(Records excerpted from a collection)
--*--

(* Let $\alpha$ be a set with an involution $\tau$. For $a,b\in\alpha$ let $w_{a,b}$ denote the nanoword $(\{A,B\},ABAB)$ with $|A|=a$, $|B|=b$. If $\tau(a)\neq b$, then $w_{a,b}$ is not contractible. Two nanowords $w_{a,b}$ and $w_{a',b'}$ with $\tau(a)\neq b$ and $\tau(a')\neq b'$ are homotopic if and only if $a=a'$ and $b=b'$.
   Context: Fix a set $\alpha$ with an involution $\tau:\alpha\to\alpha$. An $\alpha$-alphabet is a set $\mathcal A$ with a map $\mathcal A\to\alpha$, $A\mapsto|A|$. A nanoword over $\alpha$ is a pair $(\mathcal A,w)$ where $\mathcal A$ is a finite $\alpha$-alphabet and $w$ is a word in the letters of $\mathcal A$ in which every letter of $\mathcal A$ occurs exactly twice; its length is the length of $w$. Two nanowords $(\mathcal A_1,w_1),(\mathcal A_2,w_2)$ are isomorphic if there is a bijection $f:\mathcal A_1\to\mathcal A_2$ with $|f(A)|=|A|$ for all $A$ and $w_2$ is obtained from $w_1$ by applying $f$ letterwise. Homotopy moves (here $x,y,z,t$ are words in the remaining letters, and smaller alphabets carry the restricted projection): (1) $(\mathcal A,xAAy)\mapsto(\mathcal A\setminus\{A\},xy)$; (2) $(\mathcal A,xAByBAz)\mapsto(\mathcal A\setminus\{A,B\},xyz)$ whenever $|B|=\tau(|A|)$; (3) $(\mathcal A,xAByACzBCt)\mapsto(\mathcal A,xBAyCAzCBt)$ whenever $A,B,C$ are distinct and $|A|=|B|=|C|$. Homotopy is the equivalence relation on nanowords generated by isomorphisms, these moves and their inverses. A nanoword is contractible if it is homotopic to the empty nanoword. *)

From mathcomp Require Import all_boot.
Set Implicit Arguments. Unset Strict Implicit. Unset Printing Implicit Defensive.

(* Letters are drawn from nat (every finite alphabet is
   isomorphic to a finite subset of nat, and homotopy is invariant under
   isomorphism).  The alphabet of a nanoword is the set of letters occurring in
   its word; [nw_proj] is the projection |.| (its values outside the alphabet
   are irrelevant: isomorphisms only look at letters of the word). *)
Record nanoword (alpha : Type) := Nanoword {
  nw_word : seq nat;
  nw_proj : nat -> alpha }.

Definition wf_nanoword alpha (u : nanoword alpha) : Prop :=
  forall x, x \in nw_word u -> count_mem x (nw_word u) = 2.

Definition nw_iso alpha (u v : nanoword alpha) : Prop :=
  exists f : nat -> nat,
    {in nw_word u &, injective f} /\
    map f (nw_word u) = nw_word v /\
    (forall x, x \in nw_word u -> nw_proj v (f x) = nw_proj u x).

--*--

» PROBLEM:
Look through the data above. Copy every line with the string "Definition" in it.

» SOLUTION:
Definition wf_nanoword alpha (u : nanoword alpha) : Prop :=
Definition nw_iso alpha (u v : nanoword alpha) : Prop :=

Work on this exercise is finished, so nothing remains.